The Chou–Fasman method is an empirical technique for the prediction of tertiary structures in proteins, originally developed in the 1970s by Peter Y. Chou and Gerald D. Fasman. The method is based on analyses of the relative frequencies of each amino acid in alpha helices, beta sheets, and turns based on known protein structures solved with X-ray crystallography. From these frequencies a set of probability parameters were derived for the appearance of each amino acid in each secondary structure type, and these parameters are used to predict the probability that a given sequence of amino acids would form a helix, a beta strand, or a turn in a protein. The method is at most about 50–60% accurate in identifying correct secondary structures, which is significantly less accurate than the modern machine learning–based techniques.
The original Chou–Fasman parameters found some strong tendencies among individual amino acids to prefer one type of secondary structure over others. Alanine, glutamate, leucine, and methionine were identified as helix formers, while proline and glycine, due to the unique conformational properties of their peptide bonds, commonly end a helix. The original Chou–Fasman parameters were derived from a very small and non-representative sample of protein structures due to the small number of such structures that were known at the time of their original work.
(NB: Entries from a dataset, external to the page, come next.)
(* Assume the payoffs are normalized with $T=1$, $S=0$. Assume X uses a memory-one strategy $\mathbf p$ whose X Press-Dyson vector is $\mathbf p-(1,1,0,0)=\gamma(\bar\alpha\mathbf S_X+\bar\beta\mathbf S_Y+\mathbf 1)$ with $\gamma>0$. Let $-Z^{-1}=\bar\alpha+\bar\beta$, so that $P\le Z\le R$. Then for any strategy pattern played by Y and any associated limit distribution, $$\bar\alpha Z(s_X-s_Y)=s_Y-Z.$$ Furthermore, with $\kappa=\bar\alpha Z/(1+\bar\alpha Z)$ one has $\kappa<1$, $\kappa$ has the same sign as $\bar\alpha$, and for any strategy pattern played by Y and any associated limit distribution, $$\kappa(s_X-Z)=s_Y-Z.$$
   Context: Iterated Prisoner's Dilemma with normalized payoffs $T=1>R>P>S=0$ and $2R>1$; outcomes ordered $cc,cd,dc,dd$ (first letter X's play, second Y's; $c$ = cooperate, $d$ = defect); payoff vectors $\mathbf S_X=(R,0,1,P)$, $\mathbf S_Y=(R,1,0,P)$, $\mathbf 1=(1,1,1,1)$. A memory-one strategy for X is $\mathbf p\in[0,1]^4$, $p_i$ the probability X plays $c$ after outcome $i$ of the previous round. A strategy pattern for Y is any (possibly randomized, history-dependent) rule for Y's play. With $\mathbf v^n$ the distribution of the outcome of round $n$, a limit distribution is any limit point $\mathbf v$ of the Cesàro averages $\frac1n\sum_{k\le n}\mathbf v^k$, with expected payoffs $s_X=\langle\mathbf v\cdot\mathbf S_X\rangle$, $s_Y=\langle\mathbf v\cdot\mathbf S_Y\rangle$. *)

From mathcomp Require Import all_boot all_order all_algebra.
From mathcomp Require Import reals.
Set Implicit Arguments. Unset Strict Implicit. Unset Printing Implicit Defensive.
Import Order.TTheory GRing.Theory Num.Theory.
Local Open Scope ring_scope.

(* Outcomes of one round, indexed 0,1,2,3 = cc, cd, dc, dd
   (first letter X's play, second Y's). *)
Definition outcome := 'I_4.

Definition X_coop (i : outcome) : bool := (val i < 2)%N.
Definition Y_coop (i : outcome) : bool := ~~ odd (val i).

Definition vec4 (R : Type) (a b c d : R) : outcome -> R :=
  fun i => match val i with 0 => a | 1 => b | 2 => c | _ => d end%N.

Section Game.
Variable R : realType.

(* Payoff vectors with T = 1, S = 0. *)
Definition SX (Rw Pw : R) : outcome -> R := vec4 Rw 0 1 Pw.
Definition SY (Rw Pw : R) : outcome -> R := vec4 Rw 1 0 Pw.
Definition one4 : outcome -> R := fun _ => 1.
Definition e12 : outcome -> R := vec4 1 1 0 0.

Definition dot4 (u w : outcome -> R) : R := \sum_(i : outcome) u i * w i.

Definition act_prob (c : R) (coop : bool) : R := if coop then c else 1 - c.

(* X plays the memory-one strategy p, with initial cooperation probability p0;
   Y plays the behavioural strategy q : history -> prob. of cooperating.
   A history is the sequence of past outcomes, oldest first. *)
Definition step (p : outcome -> R) (p0 : R) (q : seq outcome -> R)
    (hist : seq outcome) (i : outcome) : R :=
  act_prob (if hist is o :: t then p (last o t) else p0) (X_coop i) *
  act_prob (q hist) (Y_coop i).

Fixpoint hprob_from p p0 q (prefix h : seq outcome) : R :=
  match h with
  | [::] => 1
  | o :: t => step p p0 q prefix o * hprob_from p p0 q (rcons prefix o) t
  end.

(* v^(n+1): distribution of the outcome of round n+1. *)
Definition round_dist p p0 q (n : nat) (i : outcome) : R :=
  \sum_(h : n.-tuple outcome) hprob_from p p0 q [::] h * step p p0 q h i.

(* Cesàro average (1/n) sum_{k <= n} v^k, for n >= 1. *)
Definition cesaro p p0 q (n : nat) (i : outcome) : R :=
  (n%:R)^-1 * \sum_(k < n) round_dist p p0 q k i.

Definition limit_distribution p p0 q (v : outcome -> R) : Prop :=
  forall eps : R, 0 < eps -> forall N : nat, exists n : nat,
    (N < n)%N /\ forall i : outcome, `|cesaro p p0 q n i - v i| < eps.

Definition is_memory_one (p : outcome -> R) : Prop :=
  forall i, 0 <= p i <= 1.

Definition is_strategy_pattern (q : seq outcome -> R) : Prop :=
  forall h, 0 <= q h <= 1.

End Game.

(* The probability that X cooperates in round k+1 is both the mass of the
   outcomes cc, cd under v^(k+1) and the expectation of p under v^k, so
   <v^(k+1), e12> = <v^k, p>.  Summing over k telescopes: the Cesàro averages
   satisfy |<v_n, p - e12>| <= 1/n, hence every limit distribution v is
   orthogonal to the Press-Dyson vector p - e12.  With the assumed form of that
   vector this is alpha s_X + beta s_Y + 1 = 0, and both claimed relations are
   rearrangements of it.  The bounds P <= Z <= R and the sign of 1 + alpha Z
   come from 0 <= p <= 1 at the outcomes cc, cd and dd. *)
From mathcomp Require Import all_boot all_order all_algebra.
From mathcomp Require Import reals.
From mathcomp Require Import ring lra.
Import Order.TTheory GRing.Theory Num.Theory.
Local Open Scope ring_scope.
Set Implicit Arguments. Unset Strict Implicit.

Definition cc : outcome := @Ordinal 4 0 isT.
Definition cd : outcome := @Ordinal 4 1 isT.
Definition dc : outcome := @Ordinal 4 2 isT.
Definition dd : outcome := @Ordinal 4 3 isT.

Lemma big_outcome (V : nmodType) (F : outcome -> V) :
  \sum_(i : outcome) F i = F cc + F cd + F dc + F dd.
Proof.
rewrite (@big_ord_recl _ _ _ 3) (@big_ord_recl _ _ _ 2) (@big_ord_recl _ _ _ 1)
  (@big_ord_recl _ _ _ 0) big_ord0 addr0 !addrA.
by congr (_ + _ + _ + _); congr F; apply: val_inj.
Qed.

Lemma big_tuple0 (V : nmodType) (T : finType) (F : seq T -> V) :
  \sum_(t : 0.-tuple T) F t = F [::].
Proof.
by rewrite (big_pred1 [tuple]) // => t; rewrite [t]tuple0; apply/esym/eqxx.
Qed.

Lemma big_tupleS (V : nmodType) (T : finType) n (F : seq T -> V) :
  \sum_(t : n.+1.-tuple T) F t = \sum_(x : T) \sum_(t : n.-tuple T) F (x :: t).
Proof.
rewrite pair_big.
rewrite (reindex (fun xt : T * n.-tuple T => [tuple of xt.1 :: xt.2])) //.
apply: onW_bij; exists (fun t : n.+1.-tuple T => (thead t, [tuple of behead t])).
  by case=> x t; congr pair; apply: val_inj.
by move=> t; rewrite [RHS]tuple_eta.
Qed.

Section Dot.
Variable R : realType.
Implicit Types u v w : outcome -> R.

Lemma dot4_unit_bounds u w :
  (forall i, 0 <= u i) -> dot4 u (one4 R) = 1 -> (forall i, 0 <= w i <= 1) ->
  0 <= dot4 u w <= 1.
Proof.
move=> u_ge0 u_sum w01; rewrite -u_sum; apply/andP; split.
  by apply: sumr_ge0 => i _; rewrite mulr_ge0 //; case/andP: (w01 i).
by apply: ler_sum => i _; rewrite /one4 ler_wpM2l //; case/andP: (w01 i).
Qed.

Lemma norm_dot4B_le u v w e :
  (forall i, `|u i - v i| <= e) -> `|dot4 u w - dot4 v w| <= e * \sum_i `|w i|.
Proof.
move=> uv; rewrite /dot4 -sumrB mulr_sumr; apply: le_trans (ler_norm_sum _ _ _) _.
by apply: ler_sum => i _; rewrite -mulrBl normrM ler_wpM2r.
Qed.

Definition cluster_point (u : nat -> outcome -> R) v : Prop :=
  forall eps : R, 0 < eps -> forall N : nat, exists n : nat,
    (N < n)%N /\ forall i, `|u n i - v i| < eps.

Lemma cluster_point_dot (u : nat -> outcome -> R) v w a (C : R) :
  0 <= C -> cluster_point u v ->
  (forall n, (0 < n)%N -> `|dot4 (u n) w - a| <= C / n%:R) ->
  dot4 v w = a.
Proof.
move=> C_ge0 uv un; apply/eqP; rewrite -subr_eq0 -normr_le0.
apply/ler_addgt0Pr => e e_gt0; rewrite add0r.
set M := 1 + \sum_i `|w i|.
have M_gt0 : 0 < M by rewrite ltr_wpDr // sumr_ge0.
have [n [Nn vn]] := uv _ (divr_gt0 e_gt0 (mulr_gt0 (ltr0Sn _ 1) M_gt0))
  (Num.Def.archi_bound (2 * C / e)).
have n_pos : (0 < n)%N by apply: leq_ltn_trans Nn.
have n_gt0 : 0 < n%:R :> R by rewrite ltr0n.
have near_v : `|dot4 v w - dot4 (u n) w| <= e / 2.
  have vn_le i : `|v i - u n i| <= e / (2 * M) by rewrite distrC ltW.
  apply: le_trans (norm_dot4B_le w vn_le) _.
  rewrite -mulrA ler_pM2l // invfM -mulrA ler_piMr ?invr_ge0 ?ler0n //.
  by rewrite mulrC ler_pdivrMr // mul1r /M lerDr.
have near_a : C / n%:R <= e / 2.
  have : 2 * C / e < n%:R.
    apply: lt_le_trans (archi_boundP _) _; last by rewrite ler_nat ltnW.
    by rewrite divr_ge0 ?mulr_ge0 // ltW.
  rewrite ltr_pdivrMr // => lt_n.
  rewrite ler_pdivrMr // mulrAC ler_pdivlMr //.
  by rewrite mulrC [e * _]mulrC ltW.
have -> : dot4 v w - a = (dot4 v w - dot4 (u n) w) + (dot4 (u n) w - a).
  by rewrite addrA subrK.
rewrite [e]splitr.
by apply: le_trans (ler_normD _ _) _; rewrite lerD // (le_trans (un _ n_pos)).
Qed.
(* Let $S=[B_{r-1},[B_r,F_X^+]_q]_q$ and $S^\tau=[B_{\tau(r-1)},[B_{\tau(r)},F_X^-]_q]_q$, and let $\mathcal Z_r=-(1-q^{-2})E_X^+L_{\tau(r)}$, $\mathcal Z_{\tau(r)}=-(1-q^{-2})E_X^-L_r$. Then $\mathcal Z_{\tau(r)}S=q^{-1}S\mathcal Z_{\tau(r)}+(1-q^{-2})[B_{r-1},B_r]_qL_rK_X$ and $\mathcal Z_rS^\tau=q^{-1}S^\tau\mathcal Z_r+(1-q^{-2})[B_{\tau(r-1)},B_{\tau(r)}]_qL_{\tau(r)}K_X$ hold in $B_{\mathbf c}$.
   Context: Let $\mathbb K$ be a field of characteristic zero and $q$ an indeterminate. $n\ge1$, $I=\{1,\dots,n\}$, $\mathfrak g=\mathfrak{sl}_{n+1}(\mathbb C)$, simple roots $\alpha_i$, fundamental weights $\varpi_i$, weight lattice $P$, Cartan matrix $a_{ii}=2$, $a_{ij}=-1$ if $|i-j|=1$, else $0$, form $(\alpha_i,\alpha_j)=a_{ij}$, $(\alpha_i,\varpi_j)=\delta_{ij}$. $U_q(\mathfrak g)$ is the $\mathbb K(q^{1/2})$-algebra generated by $E_i,F_i,K_\mu$ ($\mu\in P$) with $K_0=1$, $K_\mu K_\lambda=K_{\mu+\lambda}$, $K_\mu E_i=q^{(\alpha_i,\mu)}E_iK_\mu$, $K_\mu F_i=q^{-(\alpha_i,\mu)}F_iK_\mu$, $E_iF_j-F_jE_i=\delta_{ij}\frac{K_i-K_i^{-1}}{q-q^{-1}}$ ($K_i=K_{\alpha_i}$), and the quantum Serre relations. $[a,b]_c=ab-cba$. Fix $r$ with $2\le r\le\lceil n/2\rceil-1$, $X=\{r+1,\dots,n-r\}$, $\tau(i)=n-i+1$ (on weights $\varpi_i\mapsto\varpi_{\tau(i)}$). $E_X^+=[E_{r+1},[\dots,[E_{n-r-1},E_{n-r}]_{q^{-1}}\dots]_{q^{-1}}]_{q^{-1}}$, $E_X^-=[E_{n-r},[\dots,[E_{r+2},E_{r+1}]_{q^{-1}}\dots]_{q^{-1}}]_{q^{-1}}$, $F_X^+=[F_{r+1},[\dots,[F_{n-r-1},F_{n-r}]_q\dots]_q]_q$, $F_X^-=[F_{n-r},[\dots,[F_{r+2},F_{r+1}]_q\dots]_q]_q$ (equal to $E_{r+1}$, $F_{r+1}$ if $|X|=1$); $K_X=K_{r+1}\cdots K_{n-r}$; $L_i=K_iK_{\tau(i)}^{-1}$. $\mathcal M_X$ is generated by $E_j,F_j,K_j^{\pm1}$ ($j\in X$); $U^0_\Theta$ by the $K_\mu$ with $-w_X\tau(\mu)=\mu$ ($w_X$ longest element of the parabolic Weyl subgroup for $X$). Parameters $c_i\in\mathbb K(q^{1/2})^\times$ ($i\in I\setminus X$) with $c_i=c_{\tau(i)}$ for $i\notin X\cup\{r,\tau(r)\}$. $B_i=F_i-c_iE_{\tau(i)}K_i^{-1}$ for $i\in I\setminus(X\cup\{r,\tau(r)\})$, $B_r=F_r-c_r[E_X^+,E_{\tau(r)}]_{q^{-1}}K_r^{-1}$, $B_{\tau(r)}=F_{\tau(r)}-c_{\tau(r)}[E_X^-,E_r]_{q^{-1}}K_{\tau(r)}^{-1}$; $B_{\mathbf c}$ is the subalgebra generated by $\mathcal M_X$, $U^0_\Theta$ and the $B_i$. *)

(* Quantum group U_q(sl_{n+1}) presented by generators and
   relations; identities in U_q are stated via its universal property:
   they must hold for every algebra A with elements satisfying the defining
   relations. *)
From HB Require Import structures.
From mathcomp Require Import all_boot all_order all_algebra.
Set Implicit Arguments. Unset Strict Implicit. Unset Printing Implicit Defensive.
Import Order.TTheory GRing.Theory Num.Theory.
Local Open Scope ring_scope.

(* Cartan matrix of type A_n (indices are natural numbers 1..n). *)
Definition cartan (i j : nat) : int :=
  if i == j then 2 else if (i == j.+1) || (j == i.+1) then -1 else 0.

(* Weights: mu : 'rV[int]_n, where mu 0 j is the coefficient of varpi_{j+1}. *)
Definition varpi (n i : nat) : 'rV[int]_n := \row_(j < n) ((j.+1 == i) : nat)%:Z.
Definition alpha (n i : nat) : 'rV[int]_n := \row_(j < n) cartan i j.+1.
(* (alpha_i, mu) = coefficient of varpi_i in mu *)
Definition apair (n : nat) (i : nat) (mu : 'rV[int]_n) : int :=
  \sum_(j < n | j.+1 == i) mu 0 j.

Definition tau (n i : nat) : nat := n.+1 - i.
Definition Xseq (n r : nat) : seq nat := iota r.+1 (n - r.*2).

Section Uq.
Variables (R : fieldType) (A : algType R).

Definition qcomm (c : R) (a b : A) : A := a * b - c *: (b * a).

Fixpoint qnest (c : R) (G : nat -> A) (s : seq nat) : A :=
  match s with
  | [::] => 0
  | x :: s' => match s' with
               | [::] => G x
               | _ => qcomm c (G x) (qnest c G s')
               end
  end.

Definition Uq_relations (n : nat) (q : R) (E F : nat -> A)
  (K : 'rV[int]_n -> A) : Prop :=
  K 0 = 1 /\
      (forall mu la, K (mu + la) = K mu * K la) /\
      (forall mu i, (0 < i <= n)%N ->
          K mu * E i = q ^ (apair i mu) *: (E i * K mu)) /\
      (forall mu i, (0 < i <= n)%N ->
          K mu * F i = q ^ (- apair i mu) *: (F i * K mu)) /\
      (forall i j, (0 < i <= n)%N -> (0 < j <= n)%N ->
          E i * F j - F j * E i =
          if i == j then (q - q^-1)^-1 *: (K (alpha n i) - K (- alpha n i))
          else 0) /\
      (forall i j, (0 < i <= n)%N -> (0 < j <= n)%N -> i != j ->
          (cartan i j = 0 -> E i * E j = E j * E i /\ F i * F j = F j * F i) /\
          (cartan i j = -1 ->
             E i ^+ 2 * E j - (q + q^-1) *: (E i * E j * E i) + E j * E i ^+ 2 = 0
          /\ F i ^+ 2 * F j - (q + q^-1) *: (F i * F j * F i) + F j * F i ^+ 2 = 0)).

Variables (n r : nat) (q : R) (c : nat -> R) (E F : nat -> A)
          (K : 'rV[int]_n -> A).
These original parameters have since been shown to be unreliable and have been updated from a current dataset, along with modifications to the initial algorithm.
The Chou–Fasman method takes into account only the probability that each individual amino acid will appear in a helix, strand, or turn.
The Chou–Fasman method predicts helices and strands in a similar fashion, first searching linearly through the sequence for a “nucleation” region of high helix or strand probability and then extending the region until a subsequent four-residue window carries a probability of less than 1.
Turns are also evaluated in four-residue windows, but are calculated using a multi-step procedure because many turn regions contain amino acids that could also appear in helix or sheet regions. Four-residue turns also have their own characteristic amino acids; proline and glycine are both common in turns. A turn is predicted only if the turn probability is greater than the helix or sheet probabilities and a probability value based on the positions of particular amino acids in the turn exceeds a predetermined threshold.
CFSSP is an online protein secondary structure prediction server. This server predicts regions of secondary structure from the protein sequence such as alpha helix, beta sheet, and turns from the amino acid sequence. The output of predicted secondary structure is also displayed in linear sequential graphical view based on the probability of occurrence of alpha helix, beta sheet, and turns. The method implemented in CFSSP is the Chou-Fasman algorithm. CFSSP is freely accessible via ExPASy server or directly from BioGem tools. The CFSSP server is written in Perl, which runs through CGI.